# Second chance on my marriage, but is it worth it?



## charmbee (Dec 3, 2012)

Hi all,

So my husband and I have been married for 3 years and been together for 7 almost 8 years. We separated last year for about a year. In between he was dating and particularly seeing and sleeping with his boss. Also vice versa was seeing people while we were separated. The cause of our separation was due to lack of communication which led to constant arguements and we weren't have sex anymore. I didn't feel any sense of connection and even doubted my love, maybe I have fallen out of love. So I had to do what was best and at the time I felt that separation was the best thing for us. For a while I tried to find myself and really see what I wanted, I owed it to myself. 

In the midst of finding myself my husband felt that no matter his countless tries to get back with me, he felt that I just wouldn't budge. At the same time I felt scared to go back, he got closer to his boss and he was not only sexually involved but also emotionally involved. I know my absense physically and emotionally probably drove him to this. Personally I never got close to anyone, I felt hesitant and I barely dated. In late September I wanted to give my marriage a second chance but while we patching things up, his boss is still sending him emails.I also found out they were sending emails earlier during the year, had sex in their work place and was often at her place. This is very hard for me to swallow, a part of me wished I never knew this information but I do.

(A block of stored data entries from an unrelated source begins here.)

(* Let $(S,W)$ be the spherical Coxeter complex of type $D_n$ ($n\ge4$). Let $\lambda_i:=\frac{1}{\sqrt{2(n+1-i)}}$ for $i\neq2$ and $\lambda_2:=\lambda_1$. Let $\alpha\subset S$ be a root and let $v$ be a vertex of type $i$ in the interior of $\alpha$. Then $\sin d(v,\partial\alpha)\in\{\lambda_i,2\lambda_i\}$. Moreover, if $i=n$ then $\sin d(v,\partial\alpha)=\lambda_n$, and if $i\in\{1,2\}$ then $\sin d(v,\partial\alpha)=2\lambda_1=2\lambda_2$.
   Context: $S$ is the unit sphere in $\mathbb{R}^n$ with standard basis $e_1,\dots,e_n$, and $W$ is the Weyl group of $D_n$ (permutations of coordinates combined with an even number of sign changes), acting by reflections. Roots of $(S,W)$ are the closed hemispheres $\{x:\langle x,c\rangle\ge0\}$ with center $c=\frac{1}{\sqrt2}(\pm e_j\pm e_k)$, $j\ne k$; $\partial\alpha$ is the boundary great sphere of $\alpha$. Vertex types: a vertex is of type $i\neq 2$ if it lies in the $W$-orbit of $\frac{1}{\sqrt{n+1-i}}(e_i+e_{i+1}+\dots+e_n)$, and of type $2$ if it lies in the $W$-orbit of $\frac{1}{\sqrt n}(-e_1+e_2+\dots+e_n)$. The interior of $\alpha$ is $\alpha\setminus\partial\alpha$; $d$ is the spherical metric. *)

(* R : realType. Points of R^n are
   functions 'I_n -> R; coordinate e_{m+1} of the paper is index m : 'I_n. *)
From mathcomp Require Import all_boot all_order all_algebra.
From mathcomp Require Import all_fingroup.
From mathcomp Require Import all_classical all_reals all_analysis.
Import Order.TTheory GRing.Theory Num.Theory.
Local Open Scope ring_scope.
Local Open Scope classical_set_scope.

Definition dotp {R : realType} {n : nat} (x y : 'I_n -> R) : R :=
  \sum_(k < n) x k * y k.

Definition sphere {R : realType} (n : nat) : set ('I_n -> R) :=
  [set x | dotp x x = 1].

Definition sdist {R : realType} {n : nat} (x y : 'I_n -> R) : R :=
  acos (dotp x y).

Definition sdist_set {R : realType} {n : nat} (x : 'I_n -> R)
  (A : set ('I_n -> R)) : R :=
  inf [set sdist x y | y in A].

Definition root_center {R : realType} {n : nat} (j k : 'I_n) (sj sk : bool)
  : 'I_n -> R :=
  fun m => ((if m == j then (-1) ^+ sj else 0) +
            (if m == k then (-1) ^+ sk else 0)) / Num.sqrt 2.

(* the root (closed hemisphere) with center c *)
Definition hemisphere {R : realType} {n : nat} (c : 'I_n -> R)
  : set ('I_n -> R) := [set x | sphere n x /\ 0 <= dotp x c].

Definition great_sphere {R : realType} {n : nat} (c : 'I_n -> R)
  : set ('I_n -> R) := [set x | sphere n x /\ dotp x c = 0].

Definition root_interior {R : realType} {n : nat} (c : 'I_n -> R)
  : set ('I_n -> R) := hemisphere c `\` great_sphere c.

(* The Weyl group W(D_n): permutations of coordinates combined with an even
   number of sign changes. The element (s, e) acts by
   x |-> (m |-> (-1)^(e m) * x (s m)). *)
Definition weyl_act {R : realType} {n : nat} (s : 'S_n) (e : 'I_n -> bool)
  (x : 'I_n -> R) : 'I_n -> R :=
  fun m => (-1) ^+ (e m) * x (s m).

Definition even_signs {n : nat} (e : 'I_n -> bool) : bool :=
  ~~ odd #|[pred m | e m]|.

(* representative vertex of type i (1 <= i <= n) *)
Definition type_rep {R : realType} (n i : nat) : 'I_n -> R :=
  if i == 2%N then
    fun m => (if val m == 0%N then -1 else 1) / Num.sqrt (n%:R)
  else
    fun m => (if (i.-1 <= val m)%N then 1 else 0) / Num.sqrt ((n + 1 - i)%:R).

Definition vertex_of_type {R : realType} (n i : nat) (v : 'I_n -> R) : Prop :=
  exists (s : 'S_n) (e : 'I_n -> bool),
    even_signs e /\ v = weyl_act s e (type_rep n i).

Definition lam {R : realType} (n i : nat) : R :=
  if i == 2%N then 1 / Num.sqrt ((2 * n)%:R)
  else 1 / Num.sqrt ((2 * (n + 1 - i))%:R).

From mathcomp Require Import all_boot all_order all_algebra.
From mathcomp Require Import all_fingroup.
From mathcomp Require Import all_classical all_reals all_analysis.
From mathcomp Require Import ring lra.
Import Order.TTheory GRing.Theory Num.Theory.
Set Implicit Arguments.
Unset Strict Implicit.
Unset Printing Implicit Defensive.
Local Open Scope ring_scope.

(* For unit vectors [v] and [c] with [<v, c> >= 0], the point of the great
   sphere [c^perp] nearest to [v] is the normalised projection of [v], at angle
   [acos (sqrt (1 - <v, c>^2))]; hence [sin d(v, \partial alpha) = <v, c>].
   For a root center [c = ((-1)^sj e_j + (-1)^sk e_k) / sqrt 2] this is
   [(+-v_j +- v_k) / sqrt 2].  Every coordinate of a vertex of type [i] is [0]
   or [+-sqrt 2 lambda_i], so positivity leaves [lambda_i] (one nonzero term) or
   [2 lambda_i] (two).  A vertex of type [n] has a single nonzero coordinate,
   while vertices of type [1] and [2] have none equal to zero. *)

Lemma ler_acos (R : realType) (r s : R) : -1 <= r <= 1 -> -1 <= s <= 1 ->
  r <= s -> acos s <= acos r.
Proof.
move=> hr hs rs; rewrite leNgt; apply/negP => lt_acos.
have acos_itv (w : R) : -1 <= w <= 1 -> acos w \in `[0, pi].
  by move=> hw; rewrite in_itv /= acos_ge0 ?acos_lepi.
have := ltr_cos (acos_itv _ hr) (acos_itv _ hs).
by rewrite /= lt_acos !acosK ?in_itv //= => /idP; lra.
Qed.

Section SphericalDistance.
Variables (R : realType) (n : nat).
Implicit Types (a b c u v x y z : 'I_n -> R).

Lemma dotpC x y : dotp x y = dotp y x.
Proof. by apply: eq_bigr => m _; rewrite mulrC. Qed.

Lemma dotp_affine a b z (r q : R) :
  dotp (fun m => (a m - r * b m) / q) z = dotp a z / q - r * dotp b z / q.
Proof.
rewrite /dotp mulr_sumr !mulr_suml -sumrB; apply: eq_bigr => m _; ring.
Qed.

(* The expansion of [|v - t c - s y|^2 >= 0]. *)
Lemma dotp_combination_ge0 v c y (t s : R) :
  0 <= dotp v v + t ^+ 2 * dotp c c + s ^+ 2 * dotp y y
       - 2 * t * dotp v c - 2 * s * dotp v y + 2 * t * s * dotp c y.
Proof.
have sq_ge0 : 0 <= \sum_(m < n) (v m - t * c m - s * y m) ^+ 2.
  by apply: sumr_ge0 => m _; exact: sqr_ge0.
have expand : \sum_(m < n) (v m - t * c m - s * y m) ^+ 2
   + 2 * t * dotp v c + 2 * s * dotp v y =
   dotp v v + t ^+ 2 * dotp c c + s ^+ 2 * dotp y y + 2 * t * s * dotp c y.
  rewrite /dotp !mulr_sumr -!big_split /=; apply: eq_bigr => m _; ring.
lra.
Qed.

Section GreatSphere.
Variables v c : 'I_n -> R.
Hypotheses (v1 : dotp v v = 1) (c1 : dotp c c = 1).

Lemma sqr_dotp_le1 : dotp v c ^+ 2 <= 1.
Proof. by have := dotp_combination_ge0 v c c (dotp v c) 0; rewrite v1 c1; nra. Qed.

Lemma sqr_sqrt_dotp_compl :
  Num.sqrt (1 - dotp v c ^+ 2) ^+ 2 = 1 - dotp v c ^+ 2.
Proof. by rewrite sqr_sqrtr // subr_ge0 sqr_dotp_le1. Qed.

Lemma sqrt_dotp_compl_itv : 0 <= Num.sqrt (1 - dotp v c ^+ 2) <= 1.
Proof. by have := sqr_sqrt_dotp_compl; rewrite sqrtr_ge0 /=; nra. Qed.

Lemma sqr_dotp_great_sphere y :
  great_sphere c y -> dotp v y ^+ 2 <= 1 - dotp v c ^+ 2.
Proof.
move=> [y1 yc0]; have := dotp_combination_ge0 v c y (dotp v c) (dotp v y).
by rewrite v1 c1 y1 (dotpC c y) yc0; nra.
Qed.

(* When [v = +-c] the projection of [v] onto [c^perp] vanishes and any point of
   the great sphere will do. *)
Lemma great_sphere_dotp_max u : great_sphere c u ->
  exists2 y, great_sphere c y & dotp v y = Num.sqrt (1 - dotp v c ^+ 2).
Proof.
move=> cu; set t := dotp v c; set q := Num.sqrt (1 - t ^+ 2).
have q2 : q ^+ 2 = 1 - t ^+ 2 := sqr_sqrt_dotp_compl.
have [t2_lt1|t2_ge1] := ltrP (t ^+ 2) 1; last first.
  have -> : q = 0 by apply/eqP; rewrite sqrtr_eq0 subr_le0.
  exists u => //; apply/eqP; rewrite -sqrf_eq0 eq_le sqr_ge0 andbT.
  by rewrite (le_trans (sqr_dotp_great_sphere cu)) // subr_le0.
have q_neq0 : q != 0 by rewrite gt_eqF // sqrtr_gt0 subr_gt0.
set y := fun m => (v m - t * c m) / q.
have vy : dotp v y = q.
  rewrite dotpC dotp_affine v1 (dotpC c v) -/t.
  by apply: (mulIf q_neq0); rewrite mulrBl !divfK // -expr2 q2; ring.
have yc : dotp y c = 0 by rewrite dotp_affine c1 -/t; field.
exists y => //; split => //.
by rewrite /sphere /= dotp_affine vy (dotpC c y) yc divff //; ring.
Qed.

Lemma sdist_set_great_sphere u : great_sphere c u ->
  sdist_set v (great_sphere c) = acos (Num.sqrt (1 - dotp v c ^+ 2)).
Proof.
move=> cu; set q := Num.sqrt _.
have /andP[q_ge0 q_le1] : 0 <= q <= 1 := sqrt_dotp_compl_itv.
have q2 : q ^+ 2 = 1 - dotp v c ^+ 2 := sqr_sqrt_dotp_compl.
have [y0 cy0 vy0] := great_sphere_dotp_max cu.
have lb : lbound [set sdist v y | y in great_sphere c] (acos q).
  move=> _ [y cy <-]; have := sqr_dotp_great_sphere cy; rewrite -q2 => vy_le.
  by apply: ler_acos; nra.
apply/eqP; rewrite eq_le; apply/andP; split.
- by apply: ge_inf; [exists (acos q) | exists y0 => //; rewrite /sdist vy0].
- by apply: lb_le_inf => //; exists (acos q); exists y0 => //; rewrite /sdist vy0.
Qed.

Lemma sin_sdist_great_sphere u : great_sphere c u -> 0 <= dotp v c ->
  sin (sdist_set v (great_sphere c)) = dotp v c.
Proof.
move=> cu vc_ge0; have /andP[q_ge0 q_le1] := sqrt_dotp_compl_itv.
rewrite (sdist_set_great_sphere cu) sin_acos ?sqr_sqrt_dotp_compl; last first.
  by rewrite q_le1 (le_trans _ q_ge0) ?lerN10.
by rewrite opprB addrC subrK sqrtr_sqr ger0_norm.
Qed.

End GreatSphere.

Lemma root_interior_dotp_gt0 c v : root_interior c v -> 0 < dotp v c.
Proof.
move=> [[v1 vc_ge0] vc_neq0]; rewrite lt_def vc_ge0 andbT.
by apply/eqP => vc0; apply: vc_neq0.
Qed.

End SphericalDistance.

Section RootCenter.
Variables (R : realType) (n : nat) (j k : 'I_n).

Lemma dotp_root_center sj sk (x : 'I_n -> R) :
  dotp x (root_center j k sj sk) =
  ((-1) ^+ sj * x j + (-1) ^+ sk * x k) / Num.sqrt 2.
Proof.
rewrite /dotp /root_center.
transitivity (\sum_(m < n)
  ((if m == j then x j * (-1) ^+ sj / Num.sqrt 2 else 0) +
   (if m == k then x k * (-1) ^+ sk / Num.sqrt 2 else 0))).
  apply: eq_bigr => m _.
  by case: (m =P j) => [->|_]; case: (_ =P k) => [->|_]; rewrite /=; ring.
by rewrite big_split /= -!big_mkcond !big_pred1_eq; ring.
Qed.

Hypothesis jk : j != k.

Lemma dotp_root_centers sj sk sk' :
  dotp (root_center j k sj sk') (root_center (R := R) j k sj sk) =
  (1 + (-1) ^+ (sk' (+) sk)) / 2.
Proof.
rewrite dotp_root_center /root_center !eqxx (negbTE jk) eq_sym (negbTE jk).
rewrite !addr0 !add0r !mulrA -mulrDl -mulrA -invfM -expr2 sqr_sqrtr //.
by rewrite -!signr_addb addbb expr0 addbC.
Qed.

Lemma root_center_sphere sj sk : sphere n (root_center (R := R) j k sj sk).
Proof.
by rewrite /sphere /= dotp_root_centers addbb expr0 divff.
Qed.

Lemma great_sphere_root_center_flip sj sk :
  great_sphere (root_center j k sj sk) (root_center (R := R) j k sj (~~ sk)).
Proof.
split; first exact: root_center_sphere.
by rewrite dotp_root_centers addNb addbb expr1 subrr mul0r.
Qed.

End RootCenter.

Lemma norm_or0_neq0 (R : realDomainType) (a z : R) :
  (z == 0) || (`|z| == a) -> z != 0 -> 0 <= a /\ (z = a \/ z = - a).
Proof.
move=> /orP[/eqP ->|]; first by rewrite eqxx.
by rewrite eqr_norml => /andP[/orP[]/eqP ez a_ge0 _]; split; auto.
Qed.

Lemma addr_gt0_norm_or0 (R : realDomainType) (a x y : R) :
  (x == 0) || (`|x| == a) -> (y == 0) || (`|y| == a) -> 0 < x + y ->
  x + y = a *+ ((x != 0) + (y != 0)).
Proof.
move=> hx hy; have [x0|xn] := eqVneq x 0; have [y0|yn] := eqVneq y 0;
  rewrite /= mulrnDr ?mulr1n ?mulr0n.
- by rewrite x0 y0 addr0 => _.
- by have [a_ge0 [] ->] := norm_or0_neq0 hy yn; rewrite x0 => xy_gt0; lra.
- by have [a_ge0 [] ->] := norm_or0_neq0 hx xn; rewrite y0 => xy_gt0; lra.
- have [a_ge0 [] ->] := norm_or0_neq0 hx xn;
    by have [_ [] ->] := norm_or0_neq0 hy yn => xy_gt0; lra.
Qed.

Section Vertices.
Variables (R : realType) (n : nat).
Implicit Types (s : 'S_n) (e : 'I_n -> bool) (x : 'I_n -> R) (m : 'I_n).

Lemma signed_weyl_act_eq0 (b : bool) s e x m :
  ((-1) ^+ b * weyl_act s e x m == 0) = (x (s m) == 0).
Proof. by rewrite /weyl_act !mulf_eq0 !signr_eq0. Qed.

Lemma normr_signed_weyl_act (b : bool) s e x m :
  `|(-1) ^+ b * weyl_act s e x m| = `|x (s m)|.
Proof. by rewrite /weyl_act !normrMsign. Qed.

Lemma sqrt2_lam i : Num.sqrt 2 * lam n i =
  if i == 2%N then 1 / Num.sqrt (n%:R) else 1 / Num.sqrt ((n + 1 - i)%:R) :> R.
Proof.
have s2 : Num.sqrt (2 : R) != 0 by rewrite gt_eqF ?sqrtr_gt0.
by rewrite /lam; case: ifP => _; rewrite natrM sqrtrM // !div1r invfM mulVKf.
Qed.

Lemma type_rep_coord i m :
  (type_rep (R := R) n i m == 0) ||
  (`|type_rep (R := R) n i m| == Num.sqrt 2 * lam n i).
Proof.
rewrite sqrt2_lam /type_rep; case: ifP => _ /=.
  rewrite normrM normfV (ger0_norm (sqrtr_ge0 _)).
  by case: ifP => _; rewrite ?normrN normr1 eqxx orbT.
case: ifP => _; last by rewrite mul0r eqxx.
by rewrite ger0_norm ?eqxx ?orbT //; exact: divr_ge0 ler01 (sqrtr_ge0 _).
Qed.

Lemma type_rep_neq0 i m : (0 < n)%N -> (i == 1%N) || (i == 2%N) ->
  type_rep (R := R) n i m != 0.
Proof.
move=> n_gt0; have sqrt_n : Num.sqrt (n%:R : R) != 0.
  by rewrite gt_eqF // sqrtr_gt0 ltr0n.
move=> /orP[]/eqP ->; rewrite /type_rep /=.
  by rewrite addnK mul1r invr_eq0.
rewrite mulf_eq0 negb_or invr_eq0 sqrt_n andbT.
by case: ifP => _; rewrite ?oppr_eq0 oner_eq0.
Qed.

Lemma type_rep_top_support m : n != 2%N -> type_rep (R := R) n n m != 0 ->
  val m = n.-1.
Proof.
rewrite /type_rep => /negbTE ->; case: ifP => [le_m _|_]; last by rewrite mul0r eqxx.
have n_gt0 : (0 < n)%N by apply: leq_ltn_trans (ltn_ord m).
by apply/eqP; rewrite eqn_leq le_m andbT -ltnS prednK ?ltn_ord.
Qed.

Lemma type_rep_top_single s (j k : 'I_n) : n != 2%N -> j != k ->
  ~~ ((type_rep (R := R) n n (s j) != 0) && (type_rep (R := R) n n (s k) != 0)).
Proof.
move=> n_neq2 jk; apply/andP => [[/(type_rep_top_support n_neq2) sj_top]].
move=> /(type_rep_top_support n_neq2) sk_top; move/negP: jk; apply.
by rewrite -(inj_eq (@perm_inj _ s)) -val_eqE sj_top sk_top.
Qed.

Lemma lam_1_2 : lam n 1 = lam (R := R) n 2.
Proof. by rewrite /lam /= addnK. Qed.

Lemma dotp_vertex_root_center s e i (j k : 'I_n) sj sk :
  let w := weyl_act s e (type_rep (R := R) n i) in
  0 < dotp w (root_center j k sj sk) ->
  dotp w (root_center j k sj sk) =
  lam n i *+ ((type_rep (R := R) n i (s j) != 0) +
              (type_rep (R := R) n i (s k) != 0)).
Proof.
move=> w; rewrite dotp_root_center pmulr_lgt0 ?invr_gt0 ?sqrtr_gt0 //.
have coord (b : bool) m :
    ((-1) ^+ b * w m == 0) || (`|(-1) ^+ b * w m| == Num.sqrt 2 * lam n i).
  by rewrite signed_weyl_act_eq0 normr_signed_weyl_act type_rep_coord.
move=> /(addr_gt0_norm_or0 (coord _ _) (coord _ _)) ->.
rewrite !signed_weyl_act_eq0 -mulrnAr mulrC mulKf // gt_eqF // sqrtr_gt0.
Qed.

End Vertices.

Theorem lemma2p14 (R : realType) (n : nat) (hn : (4 <= n)%N)
  (i : nat) (hi : (1 <= i <= n)%N)
  (j k : 'I_n) (hjk : j != k) (sj sk : bool) (v : 'I_n -> R) :
  vertex_of_type n i v ->
  root_interior (root_center j k sj sk) v ->
  let d := sin (sdist_set v (great_sphere (root_center j k sj sk))) in
  (d = lam n i \/ d = 2 * lam n i) /\
  (i = n -> d = lam n n) /\
  (i = 1%N \/ i = 2%N -> d = 2 * lam (R := R) n 1 /\ d = 2 * lam (R := R) n 2).
Proof.
move=> [s [e [_ ->]]] int_v d; rewrite {}/d.
have vc_gt0 := root_interior_dotp_gt0 int_v.
rewrite (sin_sdist_great_sphere int_v.1.1 (root_center_sphere _ hjk _ _)
  (great_sphere_root_center_flip _ hjk _ _) (ltW vc_gt0)).
move: (vc_gt0); rewrite (dotp_vertex_root_center vc_gt0).
set nzj := type_rep n i (s j) != 0; set nzk := type_rep n i (s k) != 0.
have top_single : i = n -> ~~ (nzj && nzk).
  move=> i_n; subst i; apply: type_rep_top_single hjk.
  by rewrite neq_ltn orbC (leq_trans _ hn).
have low_full : i = 1%N \/ i = 2%N -> nzj && nzk.
  move=> i12; have {}i12 : (i == 1%N) || (i == 2%N) by case: i12 => ->.
  by rewrite /nzj /nzk !type_rep_neq0 // (leq_trans _ hn).
have lam_i12 : i = 1%N \/ i = 2%N -> lam n i = lam (R := R) n 2.
  by case=> ->; rewrite ?lam_1_2.
clearbody nzj nzk; move: top_single low_full.
case: nzj; case: nzk => /= top_single low_full lam_cnt_gt0; rewrite ?mulr1n.
- split; first by right; rewrite mulr_natl.
  by split=> [/top_single // | /lam_i12 ->]; rewrite lam_1_2 mulr_natl.
- by split; [left | split=> [-> // | /low_full]].
- by split; [left | split=> [-> // | /low_full]].
- by move: lam_cnt_gt0; rewrite mulr0n ltxx.
Qed.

The problem: I have been having a very hard time accepting his relationship with his boss, what bothers me most is that she got emotionally attached to my husband more than he did. She has sent him emails how much she dislike him and wished to disappear from him and even called him an ahole. He drafted an email to her in his work email with his side of the story. He claims she's sending a lot of subliminal messages towards him and giving him a hard time at his work place. All of this happening while we are patching things up. I felt the old feelings of distrust come back and now I can't work past it. I feel as if I am self destructing and destroying my relationship due to my actions. It is mind f*cking (excuse my french) to know that he still sees her every day. I had told him several times he needed to find a job. He also told me that he told her about me finding out about them. He told her that they need to refrain from any contact and she told him she would try to find another job. I can't seem to just forget about it, it's draining me mentally and physically, I rarely smile or go out anymore. I feel like this situation has gotten the best of me. I know it happened before we got back together but the fact that they ended whatever relationship they had not too long ago, I feel like I can't work on this relationship until i know she is no longer in the picture or either one of them move out of the work place. My main concern now is how can I learn to deal with this situation. I feel like this situation has gotten so big, bigger than me. I could no longer cope, I'm always moody and never know what will set me off next. I do want my marriage to work but until I can find some way to move pass this , I don't think it will work.

PLEASE HELP!


----------



## KathyBatesel (Apr 26, 2012)

I can imagine how stressful that must be! 

I think it's important to honor your feelings, but only to the extent that your fears are valid. For instance, if his behavior shows that he's making reasons to spend time with her, you have a valid fear. On the other hand, if he doesn't show any signs of interest or personal interactions now that it's over, you're better off just staying alert. 

She said she'll look for another job. What is a reasonable amount of time for a person to find work in your area? Is there a reason he cannot do the same?

Based on what you wrote, it sounds like he does want to be with you and has more commitment than you do. Is there a possibility that you're using this to avoid commitment yourself or to punish him?


----------



## charmbee (Dec 3, 2012)

KathyBatesel said:


> I can imagine how stressful that must be!
> 
> I think it's important to honor your feelings, but only to the extent that your fears are valid. For instance, if his behavior shows that he's making reasons to spend time with her, you have a valid fear. On the other hand, if he doesn't show any signs of interest or personal interactions now that it's over, you're better off just staying alert.
> 
> ...


It is very stressful, I have not developed any coping mechanism towards this kind of situation. I've been trying different ways of dealing with it but nothing seem to work. 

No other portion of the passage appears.